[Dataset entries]
※ ※ ※

Lemma dyadic_cover e i m : (0 <= e <= i)%Z -> (1 <= m <= 2 ^ i)%Z ->
  exists k, 0 <= dyadic e k /\ dyadic e k <= t0 i m /\
            t2 i m <= dyadic e (k + 1) /\ dyadic e (k + 1) <= 1.
Proof.
  intros He Hm.
  set (N := (2 ^ (i - e))%Z); assert (HN : (0 < N)%Z) by (apply Z.pow_pos_nonneg; lia).
  assert (E : (2 ^ i = 2 ^ e * N)%Z) by (unfold N; rewrite <- Z.pow_add_r by lia; f_equal; lia).
  pose proof (Z.div_mod (m - 1) N ltac:(lia)); pose proof (Z.mod_pos_bound (m - 1) N HN).
  pose proof (Z.div_pos (m - 1) N ltac:(lia) HN).
  set (k := ((m - 1) / N)%Z) in *; set (r := ((m - 1) mod N)%Z) in *; exists k.
  assert (Hk : (k * N <= m - 1 < (k + 1) * N)%Z) by nia.
  assert (Hk1 : ((k + 1) * N <= 2 ^ i)%Z).
  { assert (k < 2 ^ e)%Z by (apply (Z.mul_lt_mono_pos_r N); lia).
    rewrite E; apply Z.mul_le_mono_nonneg_r; lia. }
  assert (Refine : forall z, dyadic e z = dyadic i (z * N)).
  { intro z; rewrite (dyadic_refine e (i - e)) by lia; do 2 f_equal; lia. }
  replace 1 with (dyadic i (2 ^ i))
    by (unfold dyadic; rewrite pow2_IZR, pow2_opp by lia; reflexivity).
  change (t0 i m) with (dyadic i (m - 1)); change (t2 i m) with (dyadic i m).
  rewrite !Refine; repeat split; [replace 0 with (dyadic i 0) by (unfold dyadic; ring)|..];
    apply dyadic_le; nia.
Qed.

Lemma pow2_cell_ratio_product i p q :
  2 * (pow2 (- i) / pow2 (- (p + 1))) * (pow2 (- i) / pow2 (- (q + 1)))
    = 8 * pow2 (- 2 * i + p + q).
Proof.
  rewrite !pow2_div, Rmult_assoc, <- pow2_add.
  replace (- i - - (p + 1) + (- i - - (q + 1)))%Z with (2 + (- 2 * i + p + q))%Z by lia.
  rewrite pow2_add; unfold pow2 at 1; simpl; ring.
Qed.

Lemma Rabs_coef_sumR_Delta_mul_le d i p q m (V W : nat -> R -> R) Mv Mw :
  (-1 <= p)%Z -> (-1 <= q)%Z -> (p < i)%Z -> (q < i)%Z -> (0 <= m)%Z -> IZR m <= pow2 i ->
  0 <= Mv -> 0 <= Mw ->
  (forall s, 0 <= s <= 1 -> sumR d (fun k => Rabs (Defs.Delta p (V k) s)) <= Mv) ->
  (forall s k, 0 <= s <= 1 -> (k < d)%nat -> Rabs (Defs.Delta q (W k) s) <= Mw) ->
  Rabs (coef (fun s => sumR d (fun k => Defs.Delta p (V k) s * Defs.Delta q (W k) s)) i m)
    <= 8 * pow2 (- 2 * i + p + q) * Mv * Mw.
Proof.
  intros Hp Hq Hpi Hqi Hm0 Hm HMv HMw HV HW.
  assert (Bound_ge0 : 0 <= 8 * pow2 (- 2 * i + p + q) * Mv * Mw)
    by (pose proof (pow2_pos (- 2 * i + p + q)); apply Rmult_le_pos; [|auto]; nra).
  destruct (Z.eq_dec m 0) as [->|Hm1].
  { unfold coef; replace (i =? -1)%Z with false by (symmetry; apply Z.eqb_neq; lia).
    rewrite Z.eqb_refl; destruct (Z.eqb_spec i 0); [|rewrite Rabs_R0; auto].
    assert (p = -1)%Z by lia; assert (q = -1)%Z by lia; subst p q.
    rewrite (sumR_ext _ _ _ (fun k _ => f_equal2 Rmult (Delta_m1 (V k) 1) (Delta_m1 (W k) 1))).
    rewrite (sumR_ext _ _ _ (fun k _ => f_equal2 Rmult (Delta_m1 (V k) 0) (Delta_m1 (W k) 0))).
    rewrite Rminus_diag, Rabs_R0; auto. }
  assert (Hi : (0 <= i)%Z) by lia.
  assert (Hmi : (1 <= m <= 2 ^ i)%Z) by (split; [lia | apply le_IZR; rewrite pow2_IZR; auto]).
  destruct (dyadic_cover (p + 1) i m ltac:(lia) Hmi) as [k1 [A0 [A1 [A2 A3]]]].
  destruct (dyadic_cover (q + 1) i m ltac:(lia) Hmi) as [k2 [B0 [B1 [B2 B3]]]].
  pose proof (dyadic_succ_sub (p + 1) k1) as Lp; pose proof (dyadic_succ_sub (q + 1) k2) as Lq.
  pose proof (t2_sub_t0 i m) as Lc.
  pose proof (pow2_pos (- (p + 1))); pose proof (pow2_pos (- (q + 1))); pose proof (pow2_pos (- i)).
  rewrite coef_second_diff by auto.
  eapply Rle_trans; [apply Rabs_second_diff_sumR_mul_le with
    (al := dyadic (p + 1) k1) (be := dyadic (p + 1) (k1 + 1))
    (al' := dyadic (q + 1) k2) (be' := dyadic (q + 1) (k2 + 1)) (Mv := Mv) (Mw := Mw);
    auto; try lra|].
  - intros k _; apply Delta_affine_on, Hp.
  - intros k _; apply Delta_affine_on, Hq.
  - apply HV; lra.
  - apply HV; lra.
  - intros k Hk; split; apply HW; auto; lra.
  - right; rewrite Lp, Lq, Lc, <- (pow2_cell_ratio_product i p q); ring.
Qed.

Lemma Rabs_le_vnorm d x k : (k < d)%nat -> Rabs (x k) <= vnorm d x.
Proof. apply (le_maxR d (fun k => Rabs (x k))). Qed.

Lemma vnorm_le n x B : 0 <= B -> (forall j, (j < n)%nat -> Rabs (x j) <= B) -> vnorm n x <= B.
Proof. apply maxR_le. Qed.

Lemma row_sum_le_matnorm n d A j : (j < n)%nat ->
  sumR d (fun k => Rabs (A j k)) <= matnorm n d A.
Proof. apply (le_maxR n (fun j => sumR d (fun k => Rabs (A j k)))). Qed.

Lemma Rabs_matvec_le n d A x j : (j < n)%nat ->
  Rabs (matvec d A x j) <= matnorm n d A * vnorm d x.
Proof.
  intro Hj; unfold matvec; eapply Rle_trans; [apply Rabs_sumR_le|].
  eapply Rle_trans; [apply (sumR_le _ _ (fun k => Rabs (A j k) * vnorm d x))|].
  - intros k Hk; rewrite Rabs_mult.
    apply Rmult_le_compat_l; [apply Rabs_pos | apply Rabs_le_vnorm, Hk].
  - rewrite (sumR_ext _ _ (fun k => vnorm d x * Rabs (A j k))) by (intros; ring).
    rewrite sumR_scal, Rmult_comm; apply Rmult_le_compat_r; [apply maxR_ge0|].
    apply row_sum_le_matnorm, Hj.
Qed.

Section Product.

Variables (d n : nat) (p q : Z) (v : R -> Mat) (w : R -> Vec) (Mv Mw : R).
Hypothesis Hp : (-1 <= p)%Z.
Hypothesis Hq : (-1 <= q)%Z.
Hypothesis HMv : forall t, 0 <= t <= 1 -> matnorm n d (DeltaM p v t) <= Mv.
Hypothesis HMw : forall t, 0 <= t <= 1 -> vnorm d (DeltaV q w t) <= Mw.

Let g : R -> Vec := fun s => matvec d (DeltaM p v s) (DeltaV q w s).

Lemma Mv_ge0 : 0 <= Mv.
Proof. apply (Rle_trans _ (matnorm n d (DeltaM p v 0))); [apply maxR_ge0 | apply HMv; lra]. Qed.

Lemma Mw_ge0 : 0 <= Mw.
Proof. apply (Rle_trans _ (vnorm d (DeltaV q w 0))); [apply maxR_ge0 | apply HMw; lra]. Qed.

Lemma vnorm_Delta_product_le i t : (-1 <= i)%Z -> 0 <= t <= 1 ->
  vnorm n (DeltaV i g t) <= 8 * (Mv * Mw).
Proof.
  intros Hi Ht; pose proof Mv_ge0; pose proof Mw_ge0.
  apply vnorm_le; [nra|]; intros j Hj; apply Rabs_Delta_le_sup; auto.
  intros s Hs; eapply Rle_trans; [apply Rabs_matvec_le, Hj|].
  apply Rmult_le_compat; [apply maxR_ge0 | apply maxR_ge0 | apply HMv, Hs | apply HMw, Hs].
Qed.

Lemma vnorm_Delta_product_le_pow2 i t : (p < i)%Z -> (q < i)%Z -> 0 <= t <= 1 ->
  vnorm n (DeltaV i g t) <= 16 * pow2 (- 2 * i + p + q) * Mv * Mw.
Proof.
  intros Hpi Hqi Ht; pose proof Mv_ge0; pose proof Mw_ge0; pose proof (pow2_pos (- 2 * i + p + q)).
  apply vnorm_le; [apply Rmult_le_pos; nra|]; intros j Hj.
  replace (16 * pow2 (- 2 * i + p + q) * Mv * Mw)
    with (2 * (8 * pow2 (- 2 * i + p + q) * Mv * Mw)) by ring.
  apply Rabs_Delta_le; [lia | auto | apply Rmult_le_pos; nra |]; intros m Hm0 Hm.
  apply Rabs_coef_sumR_Delta_mul_le; auto.
  - intros s Hs; apply (Rle_trans _ _ _ (row_sum_le_matnorm n d (DeltaM p v s) j Hj)), HMv, Hs.
  - intros s k Hs Hk; apply (Rle_trans _ _ _ (Rabs_le_vnorm d (DeltaV q w s) k Hk)), HMw, Hs.
Qed.

Lemma DeltaV_product_eq0 i t j : (-1 <= i)%Z -> (i < p \/ i < q)%Z -> DeltaV i g t j = 0.
Proof.
  intros Hi Hiq; apply Delta_eq0_of_coef_eq0; intro m.
  apply coef_eq0_of_vanish; auto; intros s Hs.
  apply sumR_zero; intros k _.
  destruct Hiq; [unfold DeltaM | unfold DeltaV];
    rewrite Delta_eq0_at_sample_point with (i := i) by auto; ring.
Qed.

End Product.

Theorem mainTheorem6 :
  forall d n : nat, exists C : R, 0 < C /\
  forall (i p q : Z) (v : R -> Mat) (w : R -> Vec),
    (-1 <= i)%Z -> (-1 <= p)%Z -> (-1 <= q)%Z ->
    (forall j k, (j < n)%nat -> (k < d)%nat -> cont01 (fun s => v s j k)) ->
    (forall k, (k < d)%nat -> cont01 (fun s => w s k)) ->
    forall Mv Mw : R,
    (forall t, 0 <= t <= 1 -> matnorm n d (DeltaM p v t) <= Mv) ->
    (forall t, 0 <= t <= 1 -> vnorm d (DeltaV q w t) <= Mw) ->
    let g : R -> Vec := fun s => matvec d (DeltaM p v s) (DeltaV q w s) in
    forall t, 0 <= t <= 1 ->
      ((Z.max p q <= i)%Z ->
       ~ ((i = q /\ (q > p)%Z) \/ (i = p /\ (p > q)%Z)) ->
       vnorm n (DeltaV i g t)
         <= C * pow2 (- Z.max i (Z.max p q) - i + p + q) * Mv * Mw)
   /\ (((i = q /\ (q > p)%Z) \/ (i = p /\ (p > q)%Z)) ->
       vnorm n (DeltaV i g t) <= C * Mv * Mw)
   /\ (((p > i)%Z \/ (q > i)%Z) ->
       forall j, (j < n)%nat -> DeltaV i g t j = 0).
Proof.
  intros d n; exists 16; split; [lra|].
  intros i p q v w Hi Hp Hq _ _ Mv Mw HMv HMw g t Ht.
  pose proof (Mv_ge0 d n p v Mv HMv); pose proof (Mw_ge0 d q w Mw HMw).
  assert (Crude : vnorm n (DeltaV i g t) <= 8 * (Mv * Mw))
    by exact (vnorm_Delta_product_le d n p q v w Mv Mw HMv HMw i t Hi Ht).
  split; [|split].
  - intros Hmax Hexc; destruct (Z_lt_le_dec p i), (Z_lt_le_dec q i).
    1: replace (- Z.max i (Z.max p q) - i + p + q)%Z with (- 2 * i + p + q)%Z by lia;
       apply vnorm_Delta_product_le_pow2; auto.
    (* outside the exceptional cases, [p = q = i] *)
    all: replace (- Z.max i (Z.max p q) - i + p + q)%Z with 0%Z by lia;
         change (pow2 0) with 1; nra.
  - intros _; nra.
  - intros Hgt j _; apply DeltaV_product_eq0; auto; lia.
Qed.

※ ※ ※

*DESCRIPTION OF THE TASK*
Copy out only the lines of the records above from the one with "(Z.mul_lt_mono_pos_r N); lia)." through the one with "2 * (pow2 (- i)", exactly as they stand, both included.

*OUTPUT OF THE EXERCISE*
  { assert (k < 2 ^ e)%Z by (apply (Z.mul_lt_mono_pos_r N); lia).
    rewrite E; apply Z.mul_le_mono_nonneg_r; lia. }
  assert (Refine : forall z, dyadic e z = dyadic i (z * N)).
  { intro z; rewrite (dyadic_refine e (i - e)) by lia; do 2 f_equal; lia. }
  replace 1 with (dyadic i (2 ^ i))
    by (unfold dyadic; rewrite pow2_IZR, pow2_opp by lia; reflexivity).
  change (t0 i m) with (dyadic i (m - 1)); change (t2 i m) with (dyadic i m).
  rewrite !Refine; repeat split; [replace 0 with (dyadic i 0) by (unfold dyadic; ring)|..];
    apply dyadic_le; nia.
Qed.

Lemma pow2_cell_ratio_product i p q :
  2 * (pow2 (- i) / pow2 (- (p + 1))) * (pow2 (- i) / pow2 (- (q + 1)))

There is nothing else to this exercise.